We need to present a strategic recommendation to Julia that is supported by data which she can then use for the upcoming category review however to do so we need to analyse the data to understand the current purchasing trends and behaviours. The client is particularly interested in customer segments and their chip purchasing behaviour. Consider what metrics would help describe the customersβ purchasing behaviour.
- Examine transaction data - check for missing data, anomalies, outliers and clean them
- Examine customer data - similar to above transaction data
- Data analysis and customer segments - create charts and graphs, note trends and insights
- Deep dive into customer segments - determine which segments should be targetted
- Date column was in integer format. So the date column was changed to date time format.
- There are 365 days in a year but in the DATE column there are only 364 unique values so one was missing. As it was a Christmas day and store was closed there was no anomaly. Value was kept as zero transaction for "TOT_SALES".
- Checked if all the products in given data are chips.
- Some product names are written in more than one way. Example : Dorito and Doritos, Grains and GrnWves, Infusions and Ifzns, Natural and NCC, Red and RRD, Smith and Smiths and Snbts and Sunbites. It was cleaned thereafter.
- Split and frequency of each word in "PROD_NAME" column. Removed all rows containing "salsa" in "PROD_QTY" column.
- Checked for outliers and removed outliers rows in "PROD_QTY" column.
- Each word value was counted in "PROD_NAME" column to extract the brand name. Combined brands written in multiple ways. Created a new column "Cleaned_Brand_Names".
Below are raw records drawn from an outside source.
Lemma card_to_set m : #|to_set m| = mcard m.
Proof.
rewrite -sum1_card big_mkcond /= !big_ord_recr big_ord0 /= !in_to_set /mcard /=.
by case: (mbit 0 m); case: (mbit 1 m); case: (mbit 2 m); case: (mbit 3 m).
Qed.

Lemma subset_to_set a b : (to_set a \subset to_set b) = msub a b.
Proof.
apply/subsetP/and4P => [H|[h0 h1 h2 h3] x].
  by split; apply/implyP => Hx;
    [have := H o0|have := H o1|have := H o2|have := H o3]; rewrite !in_to_set; apply.
by rewrite !in_to_set; case: (ord4_cases x) => ->; apply/implyP.
Qed.

Lemma setD_to_set a b : to_set a :\: to_set b = to_set (mdiff a b).
Proof.
apply/setP => x; rewrite in_to_set_mpack inE !in_to_set.
by case: (ord4_cases x) => ->; rewrite andbC.
Qed.

Lemma eq_to_set a b : (to_set a == to_set b) = meq a b.
Proof. by rewrite eqEsubset !subset_to_set. Qed.

Lemma to_set0 : to_set 0 = set0.
Proof. by apply/setP => x; rewrite in_to_set inE /mbit div0n. Qed.

(* Sums over an explicit list of naturals, which evaluate by computation. *)
Definition sum_list (s : seq nat) (F : nat -> int) : int := foldr (fun a acc => F a + acc) 0 s.
Definition sum_masks (F : nat -> int) : int := sum_list (iota 0 16) F.

Lemma eq_sum_list s (F1 F2 : nat -> int) :
  (forall a, a \in s -> F1 a = F2 a) -> sum_list s F1 = sum_list s F2.
Proof.
elim: s => //= a s IH E; rewrite E ?mem_head // IH // => b bs.
by apply: E; rewrite inE bs orbT.
Qed.

Lemma sum_list_mull s c (F : nat -> int) : sum_list s (fun a => c * F a) = c * sum_list s F.
Proof. by elim: s => /= [|a s ->]; rewrite ?mulr0 ?mulrDr. Qed.

Lemma big_ord_sum_list n (F : nat -> int) : \sum_(k < n) F k = sum_list (iota 0 n) F.
Proof.
rewrite -(big_mkord (fun _ => true)) unlock /index_iota subn0.
by elim: (iota 0 n) => //= a s ->.
Qed.

Lemma big_sets_masks (F : {set 'I_4} -> int) :
  \sum_(S : {set 'I_4}) F S = sum_masks (fun a => F (to_set a)).
Proof.
rewrite (reindex (fun m : 'I_16 => to_set m)) /=; last first.
  exists (fun S => Ordinal (to_mask_lt S)) => [m _|S _]; last exact: to_maskK.
  by apply: val_inj; rewrite /= to_setK.
by rewrite (big_ord_sum_list 16 (fun a => F (to_set a))).
Qed.

Lemma card_sets_masks (A : {set {set 'I_4}}) :
  #|A|%:Z = sum_masks (fun s => ((to_set s \in A) : nat)%:Z).
Proof.
rewrite -(big_sets_masks (fun S => ((S \in A) : nat)%:Z)).
rewrite (eq_bigr (fun S => if S \in A then 1 else 0)); last by move=> S _; case: (S \in A).
by rewrite -big_mkcond sumr_const natz.
Qed.

(* An element f of K(X_E) is represented by the table of its 16 coordinates
   f(y^S), listed by the mask of S. *)
Definition table := seq int.
Definition tabulate (F : nat -> int) : table := map F (iota 0 16).
Definition tentry (t : table) (m : nat) : int := nth 0 t m.
Definition Encodes (f : KE) (t : table) :=
  forall m, (m < 16)%N -> f (to_set m) = tentry t m.

Lemma tentry_tabulate F m : (m < 16)%N -> tentry (tabulate F) m = F m.
Proof. by move=> H; rewrite /tentry (nth_map 0%N) ?size_iota // nth_iota. Qed.

Lemma Encodes_inj f g t : Encodes f t -> Encodes g t -> f = g.
Proof.
move=> Hf Hg; apply/ffunP => S; rewrite -(to_maskK S).
by rewrite Hf ?Hg // to_mask_lt.
Qed.

Definition tmul (s t : table) : table :=
  tabulate (fun m => sum_masks (fun a =>
    if msub a m then tentry s a * tentry t (mdiff m a) else 0)).
Definition tadd (s t : table) : table := tabulate (fun m => tentry s m + tentry t m).
Definition topp (s : table) : table := tabulate (fun m => - tentry s m).
Definition tscale (s : table) (z : int) : table := tabulate (fun m => tentry s m * z).
Definition tzero : table := tabulate (fun _ => 0).
Definition tymon (a : nat) : table := tabulate (fun m => (meq m a : nat)%:Z).
Definition txmon (a : nat) : table := tabulate (fun m => (msub m a : nat)%:Z).

Lemma Encodes_kmul f g s t : Encodes f s -> Encodes g t -> Encodes (kmul f g) (tmul s t).
Proof.
move=> Hf Hg m Hm; rewrite tentry_tabulate // ffunE big_mkcond big_sets_masks.
apply: eq_sum_list => a; rewrite mem_iota add0n => Ha.
rewrite subset_to_set setD_to_set; case: (msub a m) => //.
by rewrite Hf // Hg // /mdiff mpack_lt.
Qed.

Lemma Encodes_add f g s t : Encodes f s -> Encodes g t -> Encodes (f + g) (tadd s t).
Proof. by move=> Hf Hg m Hm; rewrite tentry_tabulate // !ffunE Hf // Hg. Qed.

Lemma Encodes_opp f s : Encodes f s -> Encodes (- f) (topp s).
Proof. by move=> Hf m Hm; rewrite tentry_tabulate // !ffunE Hf. Qed.

Lemma Encodes_scale f s z : Encodes f s -> Encodes (f *~ z) (tscale s z).
Proof. by move=> Hf m Hm; rewrite tentry_tabulate // ffunMzE Hf // -mulrzr intz. Qed.

Lemma Encodes_zero : Encodes 0 tzero.
Proof. by move=> m Hm; rewrite tentry_tabulate // ffunE. Qed.

Lemma Encodes_ymon a : Encodes (ymon (to_set a)) (tymon a).
Proof. by move=> m Hm; rewrite tentry_tabulate // ffunE eq_to_set. Qed.

Lemma Encodes_xmon a : Encodes (xmon (to_set a)) (txmon a).
Proof. by move=> m Hm; rewrite tentry_tabulate // ffunE subset_to_set. Qed.

Lemma Encodes_kone : Encodes kone (tymon 0).
Proof. by rewrite /kone -to_set0; apply: Encodes_ymon. Qed.

Lemma Encodes_sum n (F : nat -> KE) (G : nat -> table) :
  (forall k, (k < n)%N -> Encodes (F k) (G k)) ->
  Encodes (\sum_(k < n) F k) (foldr (fun k acc => tadd (G k) acc) tzero (iota 0 n)).
Proof.
move=> H m Hm; rewrite sum_ffunE (big_ord_sum_list n (fun k => F k (to_set m))).
have: forall k, k \in iota 0 n -> Encodes (F k) (G k).
  by move=> k; rewrite mem_iota add0n; apply: H.
elim: (iota 0 n) => /= [|a s IH] Hs; first by rewrite tentry_tabulate.
rewrite tentry_tabulate // IH; last by move=> k ks; apply: Hs; rewrite inE ks orbT.
by rewrite -(Hs a (mem_head _ _)).
Qed.

Definition EncodesPS (p : PS) (P : nat -> table) := forall n, Encodes (p n) (P n).

Definition tsmul (P Q : nat -> table) (n : nat) : table :=
  foldr (fun k acc => tadd (tmul (P k) (Q (n - k)%N)) acc) tzero (iota 0 n.+1).
Definition tsone (n : nat) : table := if n == 0%N then tymon 0 else tzero.
Definition tslin (t : table) (n : nat) : table :=
  if n == 0%N then tymon 0 else if n == 1%N then t else tzero.
Definition tspow (P : nat -> table) (c : nat) : nat -> table := iter c (tsmul P) tsone.

Lemma EncodesPS_smul p q P Q : EncodesPS p P -> EncodesPS q Q -> EncodesPS (smul p q) (tsmul P Q).
Proof.
move=> Hp Hq n.
apply: (Encodes_sum (F := fun k => kmul (p k) (q (n - k)%N))) => k _.
exact: Encodes_kmul.
Qed.

Lemma EncodesPS_sone : EncodesPS sone tsone.
Proof. by move=> [|n]; [exact: Encodes_kone | exact: Encodes_zero]. Qed.

Lemma EncodesPS_slin u t : Encodes u t -> EncodesPS (slin u) (tslin t).
Proof. by move=> H [|[|n]]; [exact: Encodes_kone | exact: H | exact: Encodes_zero]. Qed.

Lemma EncodesPS_spow p P c : EncodesPS p P -> EncodesPS (spow p c) (tspow P c).
Proof.
move=> H; elim: c => [|c IH]; first exact: EncodesPS_sone.
exact: EncodesPS_smul.
Qed.

Lemma kone_set0 : kone set0 = 1. Proof. by rewrite ffunE eqxx. Qed.
Lemma kone_neq0 A : A != set0 -> kone A = 0. Proof. by rewrite ffunE => /negbTE ->. Qed.

Lemma kmul1f f : kmul kone f = f.
Proof.
apply/ffunP => S; rewrite ffunE (bigD1 set0) ?sub0set //= kone_set0 mul1r setD0.
by rewrite big1 ?addr0 // => A /andP [_ HA]; rewrite kone_neq0 // mul0r.
Qed.

Lemma kmulf1 f : kmul f kone = f.
Proof.
apply/ffunP => S; rewrite ffunE (bigD1 S) ?subxx //= setDv kone_set0 mulr1.
rewrite big1 ?addr0 // => A /andP [sAS nAS]; rewrite kone_neq0 ?mulr0 //.
by rewrite setD_eq0; apply: contra nAS => sSA; rewrite eqEsubset sAS sSA.
Qed.

Lemma kmul0f f : kmul 0 f = 0.
Proof. by apply/ffunP => S; rewrite !ffunE big1 // => A _; rewrite ffunE mul0r. Qed.

Lemma kmulf0 f : kmul f 0 = 0.
Proof. by apply/ffunP => S; rewrite !ffunE big1 // => A _; rewrite ffunE mulr0. Qed.

Lemma smul1s q : smul sone q = q.
Proof.
apply: functional_extensionality => n; rewrite /smul big_ord_recl /= subn0 kmul1f.
by rewrite big1 ?addr0 // => k _; rewrite kmul0f.
Qed.

Lemma smuls1 p : smul p sone = p.
Proof.
apply: functional_extensionality => n; rewrite /smul big_ord_recr /= subnn kmulf1.
rewrite big1 ?add0r // => k _; rewrite /sone.
by rewrite subn_eq0 leqNgt /= (ltn_ord k) kmulf0.
Qed.

Lemma spow_sone c : spow sone c = sone.
Proof. by elim: c => //= c IH; rewrite IH smul1s. Qed.

Lemma slinv0 : slinv 0 = sone.
Proof.
apply: functional_extensionality => -[|n]; first by rewrite /slinv /= expr0 mulr1z.
by rewrite /slinv /= kmul0f mul0rz.
Qed.

Lemma foldr_smul_none (F : {set 'I_4} -> PS) I0 s :
  I0 \notin s -> (forall I, I != I0 -> F I = sone) ->
  foldr (fun I acc => smul (F I) acc) sone s = sone.
Proof.
move=> Hs HF; elim: s Hs => //= a s IH; rewrite inE negb_or => /andP [ha hs].
by rewrite HF 1?eq_sym // smul1s IH.
Qed.

Lemma foldr_smul_single (F : {set 'I_4} -> PS) I0 s :
  uniq s -> I0 \in s -> (forall I, I != I0 -> F I = sone) ->
  foldr (fun I acc => smul (F I) acc) sone s = F I0.
Proof.
move=> Hu Hs HF; elim: s Hu Hs => //= a s IH /andP [ha hu].
rewrite inE; case: (eqVneq I0 a) => [e|ne] /= H.
  by subst a; rewrite (foldr_smul_none ha HF) smuls1.
by rewrite HF 1?eq_sym // smul1s IH.
Qed.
- The 4 main questions answered in data analysis were:
- Who spends the most on chips (total sales), describing customers by lifestage and how premium their general purchasing behaviour is
- How many customers are in each segment
- How many chips are bought per customer by segment
- What's the average chip price by customer segment
- Groupby sum TOT_SALES column and identified top 3 highest total sales contributing segments.
- Plot the groupby into stacked bar chart with percentage text on each segment stack.
- The high sales amount by segment "Young Singles/Couples - Mainstream" and "Retirees - Mainstream" are due to their large number of unique customers, but not for the "Older - Budget" segment. Next we'll explore if the "Older - Budget" segment has: High Frequency of Purchase and, Average Sales per Customer compared to the other segment.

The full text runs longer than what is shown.